What you should do
Return, word for word, the lines running from the one that contains "intros S0 Hinf" to the final line of the listing below.

Task inputs
- - - - -
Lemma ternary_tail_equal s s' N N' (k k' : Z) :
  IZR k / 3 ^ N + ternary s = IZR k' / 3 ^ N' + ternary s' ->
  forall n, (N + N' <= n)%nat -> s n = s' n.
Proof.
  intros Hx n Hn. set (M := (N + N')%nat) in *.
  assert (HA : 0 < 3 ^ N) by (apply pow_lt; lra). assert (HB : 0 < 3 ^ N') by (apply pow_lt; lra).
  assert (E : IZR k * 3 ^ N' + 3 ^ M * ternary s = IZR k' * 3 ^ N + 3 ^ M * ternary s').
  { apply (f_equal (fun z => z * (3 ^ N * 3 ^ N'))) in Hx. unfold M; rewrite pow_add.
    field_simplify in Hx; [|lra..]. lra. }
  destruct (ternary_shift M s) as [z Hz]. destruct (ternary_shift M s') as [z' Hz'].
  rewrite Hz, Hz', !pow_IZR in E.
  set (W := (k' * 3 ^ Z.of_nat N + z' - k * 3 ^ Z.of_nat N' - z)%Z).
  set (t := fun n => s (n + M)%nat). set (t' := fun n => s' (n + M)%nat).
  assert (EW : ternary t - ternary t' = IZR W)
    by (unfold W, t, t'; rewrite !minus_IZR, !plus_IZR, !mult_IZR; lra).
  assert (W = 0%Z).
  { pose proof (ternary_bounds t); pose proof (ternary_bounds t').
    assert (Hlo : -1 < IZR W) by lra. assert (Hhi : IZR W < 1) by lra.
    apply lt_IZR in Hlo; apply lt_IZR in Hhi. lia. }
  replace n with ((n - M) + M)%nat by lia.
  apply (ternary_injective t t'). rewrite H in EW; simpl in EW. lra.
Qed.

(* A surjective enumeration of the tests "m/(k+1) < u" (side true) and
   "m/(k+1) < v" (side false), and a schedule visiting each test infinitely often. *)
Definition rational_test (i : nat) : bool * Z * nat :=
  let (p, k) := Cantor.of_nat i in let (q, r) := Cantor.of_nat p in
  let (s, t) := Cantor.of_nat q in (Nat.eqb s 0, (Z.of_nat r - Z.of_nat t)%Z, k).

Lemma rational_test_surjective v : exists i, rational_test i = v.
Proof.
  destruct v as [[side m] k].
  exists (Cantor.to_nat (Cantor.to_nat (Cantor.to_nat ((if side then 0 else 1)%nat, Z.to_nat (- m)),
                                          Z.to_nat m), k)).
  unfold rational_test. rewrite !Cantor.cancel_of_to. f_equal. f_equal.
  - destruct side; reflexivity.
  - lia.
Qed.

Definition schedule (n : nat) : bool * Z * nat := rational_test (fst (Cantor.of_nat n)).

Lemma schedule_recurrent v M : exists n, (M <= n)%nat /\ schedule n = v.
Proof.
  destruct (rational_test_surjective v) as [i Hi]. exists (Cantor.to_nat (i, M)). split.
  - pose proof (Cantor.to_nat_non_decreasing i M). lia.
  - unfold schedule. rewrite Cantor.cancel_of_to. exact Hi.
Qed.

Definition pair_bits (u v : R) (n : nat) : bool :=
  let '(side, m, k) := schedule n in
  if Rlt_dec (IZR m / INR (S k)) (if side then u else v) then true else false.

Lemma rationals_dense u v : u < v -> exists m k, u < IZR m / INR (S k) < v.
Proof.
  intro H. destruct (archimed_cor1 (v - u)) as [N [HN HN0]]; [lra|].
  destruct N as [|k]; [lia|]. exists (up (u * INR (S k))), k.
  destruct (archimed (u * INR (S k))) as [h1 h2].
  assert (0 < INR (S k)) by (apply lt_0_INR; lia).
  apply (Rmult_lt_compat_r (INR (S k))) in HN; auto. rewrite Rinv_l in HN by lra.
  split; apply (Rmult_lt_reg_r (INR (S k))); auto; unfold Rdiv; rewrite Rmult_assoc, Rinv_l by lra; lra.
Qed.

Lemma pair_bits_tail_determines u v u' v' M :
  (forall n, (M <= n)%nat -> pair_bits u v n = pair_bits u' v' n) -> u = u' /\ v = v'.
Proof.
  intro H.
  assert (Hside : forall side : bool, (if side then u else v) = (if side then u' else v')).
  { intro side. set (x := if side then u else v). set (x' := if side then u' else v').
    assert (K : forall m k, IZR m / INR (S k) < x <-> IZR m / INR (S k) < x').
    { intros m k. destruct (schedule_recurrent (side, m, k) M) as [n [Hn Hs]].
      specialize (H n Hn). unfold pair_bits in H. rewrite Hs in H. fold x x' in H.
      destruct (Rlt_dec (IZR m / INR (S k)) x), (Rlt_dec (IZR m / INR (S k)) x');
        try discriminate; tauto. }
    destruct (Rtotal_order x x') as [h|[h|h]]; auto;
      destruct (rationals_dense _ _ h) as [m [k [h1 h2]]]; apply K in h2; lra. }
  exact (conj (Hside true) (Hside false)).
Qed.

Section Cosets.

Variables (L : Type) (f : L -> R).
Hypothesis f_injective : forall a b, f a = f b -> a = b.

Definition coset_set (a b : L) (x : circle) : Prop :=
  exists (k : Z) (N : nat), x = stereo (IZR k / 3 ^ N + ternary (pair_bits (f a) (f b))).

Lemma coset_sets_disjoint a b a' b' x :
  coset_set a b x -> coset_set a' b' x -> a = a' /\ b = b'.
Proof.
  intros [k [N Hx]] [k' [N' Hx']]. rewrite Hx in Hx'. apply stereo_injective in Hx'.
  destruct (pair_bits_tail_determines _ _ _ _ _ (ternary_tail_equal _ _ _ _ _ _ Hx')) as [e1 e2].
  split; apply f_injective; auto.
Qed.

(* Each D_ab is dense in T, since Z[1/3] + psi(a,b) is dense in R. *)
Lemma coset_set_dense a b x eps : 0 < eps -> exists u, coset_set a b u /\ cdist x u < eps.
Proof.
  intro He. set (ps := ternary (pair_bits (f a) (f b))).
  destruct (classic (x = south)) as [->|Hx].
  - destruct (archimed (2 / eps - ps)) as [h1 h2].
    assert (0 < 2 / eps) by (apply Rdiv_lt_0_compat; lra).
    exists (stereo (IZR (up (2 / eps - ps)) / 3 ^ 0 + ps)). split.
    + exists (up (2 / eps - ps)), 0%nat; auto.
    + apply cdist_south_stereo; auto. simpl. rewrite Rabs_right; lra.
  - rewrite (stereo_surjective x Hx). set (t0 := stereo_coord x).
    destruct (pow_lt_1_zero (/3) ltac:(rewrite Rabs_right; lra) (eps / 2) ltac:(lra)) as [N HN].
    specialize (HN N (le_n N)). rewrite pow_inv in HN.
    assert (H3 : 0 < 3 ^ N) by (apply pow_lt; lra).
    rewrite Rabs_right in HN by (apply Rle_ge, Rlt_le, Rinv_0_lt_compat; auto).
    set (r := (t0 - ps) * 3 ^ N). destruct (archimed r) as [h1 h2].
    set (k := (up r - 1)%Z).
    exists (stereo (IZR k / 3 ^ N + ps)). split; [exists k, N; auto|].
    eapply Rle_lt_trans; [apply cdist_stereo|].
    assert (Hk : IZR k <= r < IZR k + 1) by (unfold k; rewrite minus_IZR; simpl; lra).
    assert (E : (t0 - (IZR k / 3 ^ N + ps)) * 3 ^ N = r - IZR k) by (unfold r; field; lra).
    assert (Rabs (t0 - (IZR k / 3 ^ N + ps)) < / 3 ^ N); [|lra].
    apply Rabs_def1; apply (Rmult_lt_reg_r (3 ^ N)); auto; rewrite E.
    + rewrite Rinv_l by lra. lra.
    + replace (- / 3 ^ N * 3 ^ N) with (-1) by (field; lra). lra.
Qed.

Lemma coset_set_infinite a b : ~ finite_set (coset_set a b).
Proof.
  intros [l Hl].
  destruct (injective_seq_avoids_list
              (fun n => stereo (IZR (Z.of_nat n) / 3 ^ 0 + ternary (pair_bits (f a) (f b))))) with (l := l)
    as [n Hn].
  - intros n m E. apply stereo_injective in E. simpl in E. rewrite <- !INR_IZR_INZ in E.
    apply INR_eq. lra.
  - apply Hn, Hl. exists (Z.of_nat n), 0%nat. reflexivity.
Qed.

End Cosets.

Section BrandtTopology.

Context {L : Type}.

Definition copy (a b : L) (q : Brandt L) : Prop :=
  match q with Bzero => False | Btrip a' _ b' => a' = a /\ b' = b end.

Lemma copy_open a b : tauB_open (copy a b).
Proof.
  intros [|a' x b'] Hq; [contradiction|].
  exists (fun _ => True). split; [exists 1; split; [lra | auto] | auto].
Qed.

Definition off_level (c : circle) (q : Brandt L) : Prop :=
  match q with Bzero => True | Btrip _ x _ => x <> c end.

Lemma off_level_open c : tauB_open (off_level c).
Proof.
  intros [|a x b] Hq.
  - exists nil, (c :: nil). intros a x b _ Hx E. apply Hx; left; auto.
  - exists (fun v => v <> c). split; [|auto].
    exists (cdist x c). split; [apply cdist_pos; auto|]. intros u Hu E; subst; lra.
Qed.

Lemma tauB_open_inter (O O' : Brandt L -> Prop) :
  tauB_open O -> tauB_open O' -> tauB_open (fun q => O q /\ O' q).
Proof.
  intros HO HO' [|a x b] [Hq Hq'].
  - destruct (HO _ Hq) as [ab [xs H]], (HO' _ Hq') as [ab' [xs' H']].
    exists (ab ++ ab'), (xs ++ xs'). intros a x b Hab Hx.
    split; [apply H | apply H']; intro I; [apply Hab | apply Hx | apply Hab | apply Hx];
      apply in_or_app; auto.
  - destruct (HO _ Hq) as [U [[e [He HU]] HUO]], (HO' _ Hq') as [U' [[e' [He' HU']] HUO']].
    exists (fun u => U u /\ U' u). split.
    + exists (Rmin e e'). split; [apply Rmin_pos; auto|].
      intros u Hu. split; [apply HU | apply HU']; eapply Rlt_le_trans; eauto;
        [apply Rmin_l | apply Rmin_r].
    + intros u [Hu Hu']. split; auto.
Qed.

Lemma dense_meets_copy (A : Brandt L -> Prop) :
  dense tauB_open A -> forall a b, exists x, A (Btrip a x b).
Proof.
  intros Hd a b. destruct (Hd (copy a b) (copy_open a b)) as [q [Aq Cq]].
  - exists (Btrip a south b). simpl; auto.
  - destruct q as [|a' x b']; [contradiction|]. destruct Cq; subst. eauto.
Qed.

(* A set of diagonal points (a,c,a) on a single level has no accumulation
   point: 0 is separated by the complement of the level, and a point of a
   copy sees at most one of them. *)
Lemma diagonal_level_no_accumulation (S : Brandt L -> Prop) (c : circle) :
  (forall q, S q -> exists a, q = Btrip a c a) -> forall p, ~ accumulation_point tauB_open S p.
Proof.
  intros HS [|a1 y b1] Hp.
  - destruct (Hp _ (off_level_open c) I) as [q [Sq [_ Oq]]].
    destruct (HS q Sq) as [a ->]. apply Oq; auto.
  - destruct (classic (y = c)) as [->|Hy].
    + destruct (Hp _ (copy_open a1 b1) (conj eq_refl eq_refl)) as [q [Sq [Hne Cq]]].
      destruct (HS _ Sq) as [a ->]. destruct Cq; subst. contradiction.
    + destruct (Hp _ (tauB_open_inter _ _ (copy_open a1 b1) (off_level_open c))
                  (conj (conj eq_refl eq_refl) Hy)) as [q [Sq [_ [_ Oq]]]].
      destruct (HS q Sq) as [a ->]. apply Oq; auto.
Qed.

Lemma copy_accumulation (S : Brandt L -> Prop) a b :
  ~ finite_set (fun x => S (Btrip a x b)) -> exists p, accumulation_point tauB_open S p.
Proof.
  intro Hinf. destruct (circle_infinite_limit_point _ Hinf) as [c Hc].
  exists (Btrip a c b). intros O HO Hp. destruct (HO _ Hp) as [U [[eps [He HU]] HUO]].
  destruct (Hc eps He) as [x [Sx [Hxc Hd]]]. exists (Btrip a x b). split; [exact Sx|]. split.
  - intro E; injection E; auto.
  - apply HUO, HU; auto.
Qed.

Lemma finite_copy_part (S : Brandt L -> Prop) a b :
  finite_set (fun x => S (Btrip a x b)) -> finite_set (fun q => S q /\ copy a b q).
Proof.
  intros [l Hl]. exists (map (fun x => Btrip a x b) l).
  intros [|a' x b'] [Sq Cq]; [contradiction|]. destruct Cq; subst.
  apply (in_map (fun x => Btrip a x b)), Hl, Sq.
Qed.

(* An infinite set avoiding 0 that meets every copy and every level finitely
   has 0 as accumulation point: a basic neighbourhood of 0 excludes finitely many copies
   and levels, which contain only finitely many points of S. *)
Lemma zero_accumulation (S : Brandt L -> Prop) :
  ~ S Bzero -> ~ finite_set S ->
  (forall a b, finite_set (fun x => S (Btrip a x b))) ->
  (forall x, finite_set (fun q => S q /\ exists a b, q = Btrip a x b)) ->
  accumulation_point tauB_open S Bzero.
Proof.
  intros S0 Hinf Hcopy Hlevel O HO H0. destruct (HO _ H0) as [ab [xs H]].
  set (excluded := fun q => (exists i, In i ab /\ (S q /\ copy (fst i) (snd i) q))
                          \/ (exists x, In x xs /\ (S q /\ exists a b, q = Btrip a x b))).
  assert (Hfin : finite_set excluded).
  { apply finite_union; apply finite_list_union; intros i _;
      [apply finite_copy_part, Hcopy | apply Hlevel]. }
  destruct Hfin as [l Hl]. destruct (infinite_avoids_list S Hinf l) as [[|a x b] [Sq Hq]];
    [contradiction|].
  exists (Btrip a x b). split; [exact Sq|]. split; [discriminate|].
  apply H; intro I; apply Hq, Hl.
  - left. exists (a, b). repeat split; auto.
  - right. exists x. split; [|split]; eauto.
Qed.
- - - - -
Your solution
  intros S0 Hinf Hcopy Hlevel O HO H0. destruct (HO _ H0) as [ab [xs H]].
  set (excluded := fun q => (exists i, In i ab /\ (S q /\ copy (fst i) (snd i) q))
                          \/ (exists x, In x xs /\ (S q /\ exists a b, q = Btrip a x b))).
  assert (Hfin : finite_set excluded).
  { apply finite_union; apply finite_list_union; intros i _;
      [apply finite_copy_part, Hcopy | apply Hlevel]. }
  destruct Hfin as [l Hl]. destruct (infinite_avoids_list S Hinf l) as [[|a x b] [Sq Hq]];
    [contradiction|].
  exists (Btrip a x b). split; [exact Sq|]. split; [discriminate|].
  apply H; intro I; apply Hq, Hl.
  - left. exists (a, b). repeat split; auto.
  - right. exists x. split; [|split]; eauto.
Qed.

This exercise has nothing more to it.